What lines in the data hold the string "frobDr"? Show them.
━━━ Provided information
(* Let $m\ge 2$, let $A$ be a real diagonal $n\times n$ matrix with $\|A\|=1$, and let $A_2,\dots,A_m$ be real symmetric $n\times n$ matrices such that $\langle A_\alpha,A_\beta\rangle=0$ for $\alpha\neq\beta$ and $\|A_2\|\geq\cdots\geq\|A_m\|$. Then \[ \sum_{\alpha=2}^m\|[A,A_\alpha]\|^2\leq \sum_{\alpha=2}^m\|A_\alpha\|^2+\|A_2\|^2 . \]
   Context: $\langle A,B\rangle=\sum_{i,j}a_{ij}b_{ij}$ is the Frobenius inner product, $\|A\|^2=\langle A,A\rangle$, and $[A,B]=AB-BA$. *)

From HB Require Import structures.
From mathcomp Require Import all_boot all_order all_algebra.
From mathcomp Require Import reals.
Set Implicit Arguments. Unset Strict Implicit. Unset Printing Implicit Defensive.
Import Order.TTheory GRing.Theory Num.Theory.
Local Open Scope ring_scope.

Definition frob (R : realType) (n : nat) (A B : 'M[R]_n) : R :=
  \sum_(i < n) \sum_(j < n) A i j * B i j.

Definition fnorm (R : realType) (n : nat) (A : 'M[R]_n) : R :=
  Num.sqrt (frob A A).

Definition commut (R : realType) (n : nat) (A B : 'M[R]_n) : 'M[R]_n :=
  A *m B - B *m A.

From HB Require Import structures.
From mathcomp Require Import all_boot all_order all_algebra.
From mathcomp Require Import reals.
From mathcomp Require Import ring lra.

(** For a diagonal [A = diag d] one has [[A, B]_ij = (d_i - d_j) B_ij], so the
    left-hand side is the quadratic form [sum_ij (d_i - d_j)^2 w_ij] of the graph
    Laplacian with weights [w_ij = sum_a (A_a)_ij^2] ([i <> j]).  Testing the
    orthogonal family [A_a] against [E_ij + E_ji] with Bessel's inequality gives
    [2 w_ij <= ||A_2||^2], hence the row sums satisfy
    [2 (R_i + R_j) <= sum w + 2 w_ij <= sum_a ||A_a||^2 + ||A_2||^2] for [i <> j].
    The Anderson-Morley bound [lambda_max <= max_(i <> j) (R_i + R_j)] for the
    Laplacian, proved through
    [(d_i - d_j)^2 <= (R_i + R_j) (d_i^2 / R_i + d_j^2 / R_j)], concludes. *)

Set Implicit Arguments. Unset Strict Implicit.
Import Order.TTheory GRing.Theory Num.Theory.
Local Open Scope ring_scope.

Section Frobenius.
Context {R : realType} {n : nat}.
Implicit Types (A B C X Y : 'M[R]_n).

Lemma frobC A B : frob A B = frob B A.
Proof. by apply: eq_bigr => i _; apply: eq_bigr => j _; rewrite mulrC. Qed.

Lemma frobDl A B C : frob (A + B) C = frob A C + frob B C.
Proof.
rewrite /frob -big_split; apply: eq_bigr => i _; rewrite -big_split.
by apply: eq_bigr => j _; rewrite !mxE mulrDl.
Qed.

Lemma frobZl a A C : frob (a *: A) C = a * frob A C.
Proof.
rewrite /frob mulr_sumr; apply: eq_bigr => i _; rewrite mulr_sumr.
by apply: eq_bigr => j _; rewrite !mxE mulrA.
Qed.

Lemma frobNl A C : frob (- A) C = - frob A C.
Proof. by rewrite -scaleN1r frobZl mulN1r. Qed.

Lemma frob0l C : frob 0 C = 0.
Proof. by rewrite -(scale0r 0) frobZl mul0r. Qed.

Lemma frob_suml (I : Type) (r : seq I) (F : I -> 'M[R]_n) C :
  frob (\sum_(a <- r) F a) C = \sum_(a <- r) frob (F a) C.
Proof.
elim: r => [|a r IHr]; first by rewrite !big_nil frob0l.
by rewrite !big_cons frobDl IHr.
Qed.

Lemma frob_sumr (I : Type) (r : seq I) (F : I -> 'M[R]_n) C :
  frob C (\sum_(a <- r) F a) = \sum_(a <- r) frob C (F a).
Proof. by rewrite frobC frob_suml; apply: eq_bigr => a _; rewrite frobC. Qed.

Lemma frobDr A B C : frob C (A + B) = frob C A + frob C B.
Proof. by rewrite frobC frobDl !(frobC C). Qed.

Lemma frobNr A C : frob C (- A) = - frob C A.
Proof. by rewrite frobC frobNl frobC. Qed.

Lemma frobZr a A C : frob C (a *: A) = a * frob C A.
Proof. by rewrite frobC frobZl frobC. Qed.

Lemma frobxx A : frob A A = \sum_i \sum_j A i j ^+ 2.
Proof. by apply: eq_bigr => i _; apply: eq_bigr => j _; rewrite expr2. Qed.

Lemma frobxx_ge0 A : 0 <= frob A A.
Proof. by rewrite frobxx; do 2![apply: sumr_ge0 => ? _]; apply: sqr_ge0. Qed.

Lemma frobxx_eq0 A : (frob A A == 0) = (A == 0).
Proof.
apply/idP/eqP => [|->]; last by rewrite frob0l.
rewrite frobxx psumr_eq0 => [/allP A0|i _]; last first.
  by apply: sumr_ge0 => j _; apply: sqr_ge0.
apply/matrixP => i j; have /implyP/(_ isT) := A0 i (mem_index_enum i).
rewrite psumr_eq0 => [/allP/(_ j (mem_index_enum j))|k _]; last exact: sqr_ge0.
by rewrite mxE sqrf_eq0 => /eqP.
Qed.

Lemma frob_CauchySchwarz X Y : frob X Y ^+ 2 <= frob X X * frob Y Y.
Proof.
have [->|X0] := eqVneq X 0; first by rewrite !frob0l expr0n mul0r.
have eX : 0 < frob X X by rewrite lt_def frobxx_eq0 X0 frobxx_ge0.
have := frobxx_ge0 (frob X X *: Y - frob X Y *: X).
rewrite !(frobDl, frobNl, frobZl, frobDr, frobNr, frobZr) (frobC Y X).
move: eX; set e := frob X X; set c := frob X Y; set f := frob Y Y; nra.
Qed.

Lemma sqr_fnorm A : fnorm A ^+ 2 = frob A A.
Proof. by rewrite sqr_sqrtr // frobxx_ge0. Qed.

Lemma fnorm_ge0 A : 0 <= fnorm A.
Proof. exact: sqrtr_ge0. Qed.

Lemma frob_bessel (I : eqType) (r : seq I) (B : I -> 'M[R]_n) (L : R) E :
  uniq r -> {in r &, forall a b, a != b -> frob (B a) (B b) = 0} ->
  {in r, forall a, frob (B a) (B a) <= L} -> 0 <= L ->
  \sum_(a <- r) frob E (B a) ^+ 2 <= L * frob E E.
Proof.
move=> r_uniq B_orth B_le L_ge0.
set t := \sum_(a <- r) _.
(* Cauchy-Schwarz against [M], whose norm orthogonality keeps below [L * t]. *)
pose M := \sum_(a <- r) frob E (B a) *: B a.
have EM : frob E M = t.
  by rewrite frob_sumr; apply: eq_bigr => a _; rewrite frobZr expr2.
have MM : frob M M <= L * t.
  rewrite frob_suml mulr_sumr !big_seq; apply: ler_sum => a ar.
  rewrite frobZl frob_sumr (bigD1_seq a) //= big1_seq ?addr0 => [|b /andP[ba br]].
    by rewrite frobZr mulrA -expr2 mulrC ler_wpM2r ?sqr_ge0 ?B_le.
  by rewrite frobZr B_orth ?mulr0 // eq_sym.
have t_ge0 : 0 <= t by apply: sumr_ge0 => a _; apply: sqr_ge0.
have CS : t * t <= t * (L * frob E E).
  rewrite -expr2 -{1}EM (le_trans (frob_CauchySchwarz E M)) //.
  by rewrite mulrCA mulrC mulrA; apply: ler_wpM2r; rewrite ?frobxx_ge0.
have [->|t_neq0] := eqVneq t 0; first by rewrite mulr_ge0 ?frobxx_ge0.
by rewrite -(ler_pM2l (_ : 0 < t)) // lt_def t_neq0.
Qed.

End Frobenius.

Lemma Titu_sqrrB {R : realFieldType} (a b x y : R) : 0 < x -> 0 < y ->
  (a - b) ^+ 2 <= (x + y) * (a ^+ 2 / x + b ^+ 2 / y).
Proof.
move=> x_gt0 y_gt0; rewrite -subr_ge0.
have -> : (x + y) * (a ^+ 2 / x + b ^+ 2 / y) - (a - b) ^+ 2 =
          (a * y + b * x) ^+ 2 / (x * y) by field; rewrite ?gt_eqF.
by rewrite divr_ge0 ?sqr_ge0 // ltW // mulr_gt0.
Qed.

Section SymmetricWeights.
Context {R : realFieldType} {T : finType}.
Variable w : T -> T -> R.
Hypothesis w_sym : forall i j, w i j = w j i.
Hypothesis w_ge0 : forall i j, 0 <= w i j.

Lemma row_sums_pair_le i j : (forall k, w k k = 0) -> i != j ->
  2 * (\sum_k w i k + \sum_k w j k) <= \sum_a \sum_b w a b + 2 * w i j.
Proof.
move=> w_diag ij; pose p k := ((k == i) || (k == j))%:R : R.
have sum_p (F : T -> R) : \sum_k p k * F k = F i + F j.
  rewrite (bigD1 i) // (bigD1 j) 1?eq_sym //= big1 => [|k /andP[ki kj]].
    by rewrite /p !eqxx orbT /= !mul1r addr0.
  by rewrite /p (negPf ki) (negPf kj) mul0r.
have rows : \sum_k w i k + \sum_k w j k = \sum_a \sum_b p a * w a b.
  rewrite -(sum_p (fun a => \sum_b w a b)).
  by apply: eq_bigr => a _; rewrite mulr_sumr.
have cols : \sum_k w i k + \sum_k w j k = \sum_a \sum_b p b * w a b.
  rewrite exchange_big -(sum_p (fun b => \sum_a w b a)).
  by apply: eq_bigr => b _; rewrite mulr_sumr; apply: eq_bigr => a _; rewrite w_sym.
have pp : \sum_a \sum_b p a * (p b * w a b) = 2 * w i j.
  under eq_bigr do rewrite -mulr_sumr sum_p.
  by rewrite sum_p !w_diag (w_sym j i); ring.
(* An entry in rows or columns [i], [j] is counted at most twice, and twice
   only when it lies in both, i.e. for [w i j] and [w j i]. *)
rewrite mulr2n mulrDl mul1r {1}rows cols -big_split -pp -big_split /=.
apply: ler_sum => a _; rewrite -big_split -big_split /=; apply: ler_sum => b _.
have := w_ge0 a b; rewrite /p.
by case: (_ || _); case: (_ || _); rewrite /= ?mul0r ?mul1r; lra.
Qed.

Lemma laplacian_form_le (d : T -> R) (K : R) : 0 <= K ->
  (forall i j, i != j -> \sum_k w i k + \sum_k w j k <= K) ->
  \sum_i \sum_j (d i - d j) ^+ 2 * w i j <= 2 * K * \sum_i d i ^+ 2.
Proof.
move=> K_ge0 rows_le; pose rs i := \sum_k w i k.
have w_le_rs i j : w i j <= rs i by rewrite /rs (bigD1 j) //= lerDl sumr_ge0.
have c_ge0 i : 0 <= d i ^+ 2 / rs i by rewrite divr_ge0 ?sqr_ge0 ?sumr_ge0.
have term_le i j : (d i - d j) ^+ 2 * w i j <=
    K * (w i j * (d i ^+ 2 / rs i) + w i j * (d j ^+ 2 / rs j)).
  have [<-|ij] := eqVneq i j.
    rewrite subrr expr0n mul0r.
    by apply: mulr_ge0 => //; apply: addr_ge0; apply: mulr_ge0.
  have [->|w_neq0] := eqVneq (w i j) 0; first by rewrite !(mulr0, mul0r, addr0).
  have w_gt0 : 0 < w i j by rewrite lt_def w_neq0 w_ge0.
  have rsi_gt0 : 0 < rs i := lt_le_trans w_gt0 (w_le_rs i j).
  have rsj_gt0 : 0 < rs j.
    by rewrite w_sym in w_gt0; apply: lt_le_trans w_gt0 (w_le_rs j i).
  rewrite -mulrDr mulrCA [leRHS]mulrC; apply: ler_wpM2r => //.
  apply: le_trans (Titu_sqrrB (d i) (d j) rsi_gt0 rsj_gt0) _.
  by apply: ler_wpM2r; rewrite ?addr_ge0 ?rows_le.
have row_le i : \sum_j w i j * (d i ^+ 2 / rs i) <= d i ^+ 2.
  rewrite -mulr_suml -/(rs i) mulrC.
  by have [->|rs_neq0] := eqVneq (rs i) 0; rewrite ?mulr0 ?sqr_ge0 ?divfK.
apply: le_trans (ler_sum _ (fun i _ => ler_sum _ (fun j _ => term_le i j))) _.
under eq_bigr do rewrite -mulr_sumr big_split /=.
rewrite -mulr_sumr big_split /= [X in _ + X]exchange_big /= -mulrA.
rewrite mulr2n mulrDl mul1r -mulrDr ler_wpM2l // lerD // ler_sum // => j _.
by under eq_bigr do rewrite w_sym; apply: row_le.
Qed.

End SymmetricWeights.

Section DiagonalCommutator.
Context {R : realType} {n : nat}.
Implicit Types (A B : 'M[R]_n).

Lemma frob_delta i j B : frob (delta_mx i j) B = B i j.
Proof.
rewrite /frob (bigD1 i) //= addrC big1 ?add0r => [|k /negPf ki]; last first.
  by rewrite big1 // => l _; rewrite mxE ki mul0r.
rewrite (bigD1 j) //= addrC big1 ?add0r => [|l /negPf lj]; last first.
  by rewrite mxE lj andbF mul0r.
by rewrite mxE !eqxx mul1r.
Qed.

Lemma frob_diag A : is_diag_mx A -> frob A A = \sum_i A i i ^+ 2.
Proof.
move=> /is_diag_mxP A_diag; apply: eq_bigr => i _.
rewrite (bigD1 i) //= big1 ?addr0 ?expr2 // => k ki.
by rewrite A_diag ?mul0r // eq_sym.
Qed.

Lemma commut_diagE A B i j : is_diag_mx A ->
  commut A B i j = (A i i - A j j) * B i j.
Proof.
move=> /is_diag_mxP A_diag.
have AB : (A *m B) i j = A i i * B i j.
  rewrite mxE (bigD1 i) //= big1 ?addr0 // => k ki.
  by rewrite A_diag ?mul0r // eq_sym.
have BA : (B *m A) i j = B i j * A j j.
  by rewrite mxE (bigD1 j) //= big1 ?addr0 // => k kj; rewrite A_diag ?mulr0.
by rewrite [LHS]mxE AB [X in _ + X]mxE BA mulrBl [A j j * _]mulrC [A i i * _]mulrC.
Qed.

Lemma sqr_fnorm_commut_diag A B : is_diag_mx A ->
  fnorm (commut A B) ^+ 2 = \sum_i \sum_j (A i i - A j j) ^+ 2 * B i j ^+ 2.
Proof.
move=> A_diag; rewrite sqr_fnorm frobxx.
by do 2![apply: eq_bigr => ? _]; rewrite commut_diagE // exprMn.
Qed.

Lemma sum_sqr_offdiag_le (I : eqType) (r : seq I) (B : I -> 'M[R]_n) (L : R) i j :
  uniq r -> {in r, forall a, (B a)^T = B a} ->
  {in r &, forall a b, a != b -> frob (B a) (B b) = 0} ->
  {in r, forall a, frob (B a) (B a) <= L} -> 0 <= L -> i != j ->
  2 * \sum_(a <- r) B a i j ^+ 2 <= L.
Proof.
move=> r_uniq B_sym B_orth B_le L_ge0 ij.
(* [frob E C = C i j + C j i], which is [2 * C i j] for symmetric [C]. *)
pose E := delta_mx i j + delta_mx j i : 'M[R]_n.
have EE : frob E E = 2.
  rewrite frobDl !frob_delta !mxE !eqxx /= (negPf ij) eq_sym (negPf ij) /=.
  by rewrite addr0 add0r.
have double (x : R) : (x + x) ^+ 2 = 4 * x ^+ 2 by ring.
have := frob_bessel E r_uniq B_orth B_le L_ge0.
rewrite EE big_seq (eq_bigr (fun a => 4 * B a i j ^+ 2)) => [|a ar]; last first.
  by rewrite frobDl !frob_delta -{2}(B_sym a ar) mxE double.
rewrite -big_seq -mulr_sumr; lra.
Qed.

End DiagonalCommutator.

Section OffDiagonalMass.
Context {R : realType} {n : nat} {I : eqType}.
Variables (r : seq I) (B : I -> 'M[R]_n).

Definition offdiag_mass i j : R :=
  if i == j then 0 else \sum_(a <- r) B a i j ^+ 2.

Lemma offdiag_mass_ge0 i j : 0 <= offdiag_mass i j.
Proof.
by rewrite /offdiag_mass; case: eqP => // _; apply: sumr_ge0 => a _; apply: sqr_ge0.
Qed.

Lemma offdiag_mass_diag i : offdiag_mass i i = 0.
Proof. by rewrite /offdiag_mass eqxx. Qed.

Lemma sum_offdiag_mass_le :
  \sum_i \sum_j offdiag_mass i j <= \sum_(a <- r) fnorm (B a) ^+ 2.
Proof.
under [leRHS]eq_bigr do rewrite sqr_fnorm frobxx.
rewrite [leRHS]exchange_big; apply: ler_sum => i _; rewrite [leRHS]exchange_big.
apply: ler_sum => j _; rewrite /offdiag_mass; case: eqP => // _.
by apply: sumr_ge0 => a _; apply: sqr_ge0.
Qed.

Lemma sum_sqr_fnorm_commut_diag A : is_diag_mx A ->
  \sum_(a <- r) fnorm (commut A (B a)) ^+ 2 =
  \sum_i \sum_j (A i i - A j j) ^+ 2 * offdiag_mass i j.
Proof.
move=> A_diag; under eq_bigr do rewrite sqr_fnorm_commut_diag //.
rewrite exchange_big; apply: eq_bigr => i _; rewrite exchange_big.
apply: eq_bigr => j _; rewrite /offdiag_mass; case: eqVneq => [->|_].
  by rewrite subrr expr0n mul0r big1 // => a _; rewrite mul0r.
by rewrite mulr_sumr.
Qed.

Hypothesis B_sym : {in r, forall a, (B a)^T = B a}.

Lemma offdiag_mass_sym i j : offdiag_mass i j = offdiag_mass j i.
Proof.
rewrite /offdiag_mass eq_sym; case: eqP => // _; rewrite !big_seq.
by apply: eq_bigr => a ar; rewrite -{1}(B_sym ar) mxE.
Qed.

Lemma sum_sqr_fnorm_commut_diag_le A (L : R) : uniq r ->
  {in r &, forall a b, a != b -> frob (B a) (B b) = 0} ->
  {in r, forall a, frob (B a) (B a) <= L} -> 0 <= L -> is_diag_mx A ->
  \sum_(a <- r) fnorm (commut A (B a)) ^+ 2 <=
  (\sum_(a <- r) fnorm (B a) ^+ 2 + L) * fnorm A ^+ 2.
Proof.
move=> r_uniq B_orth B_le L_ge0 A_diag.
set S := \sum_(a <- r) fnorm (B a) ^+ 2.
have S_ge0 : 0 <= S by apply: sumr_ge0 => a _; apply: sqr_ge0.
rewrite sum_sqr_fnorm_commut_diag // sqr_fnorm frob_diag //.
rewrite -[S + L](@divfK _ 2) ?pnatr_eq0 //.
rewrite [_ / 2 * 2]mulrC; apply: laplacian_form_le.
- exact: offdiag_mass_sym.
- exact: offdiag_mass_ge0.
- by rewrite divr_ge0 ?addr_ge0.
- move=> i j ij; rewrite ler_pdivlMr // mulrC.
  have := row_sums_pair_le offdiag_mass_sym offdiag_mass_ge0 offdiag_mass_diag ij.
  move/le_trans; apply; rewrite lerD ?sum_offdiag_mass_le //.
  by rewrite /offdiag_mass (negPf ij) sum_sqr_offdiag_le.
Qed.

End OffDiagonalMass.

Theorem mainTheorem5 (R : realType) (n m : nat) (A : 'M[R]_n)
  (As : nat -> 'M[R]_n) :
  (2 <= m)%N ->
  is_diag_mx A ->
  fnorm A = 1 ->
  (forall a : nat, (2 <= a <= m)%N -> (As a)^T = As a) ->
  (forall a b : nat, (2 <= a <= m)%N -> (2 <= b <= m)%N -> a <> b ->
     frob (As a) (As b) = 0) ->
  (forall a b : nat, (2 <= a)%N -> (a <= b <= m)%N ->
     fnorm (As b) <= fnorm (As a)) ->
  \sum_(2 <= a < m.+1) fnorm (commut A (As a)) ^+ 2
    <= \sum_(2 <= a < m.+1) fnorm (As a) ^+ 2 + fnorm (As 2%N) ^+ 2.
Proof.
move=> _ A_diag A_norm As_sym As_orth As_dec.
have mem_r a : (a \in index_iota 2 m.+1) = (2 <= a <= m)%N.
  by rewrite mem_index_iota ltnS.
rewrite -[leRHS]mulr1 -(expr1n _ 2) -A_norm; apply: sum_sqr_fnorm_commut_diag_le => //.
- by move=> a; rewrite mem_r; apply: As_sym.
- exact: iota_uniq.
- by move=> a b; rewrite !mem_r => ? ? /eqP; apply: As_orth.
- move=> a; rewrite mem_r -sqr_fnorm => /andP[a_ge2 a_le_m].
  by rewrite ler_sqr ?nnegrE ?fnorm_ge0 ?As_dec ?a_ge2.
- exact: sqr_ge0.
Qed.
━━━━━━
◆ Answer section ◆
Lemma frobDr A B C : frob C (A + B) = frob C A + frob C B.
rewrite !(frobDl, frobNl, frobZl, frobDr, frobNr, frobZr) (frobC Y X).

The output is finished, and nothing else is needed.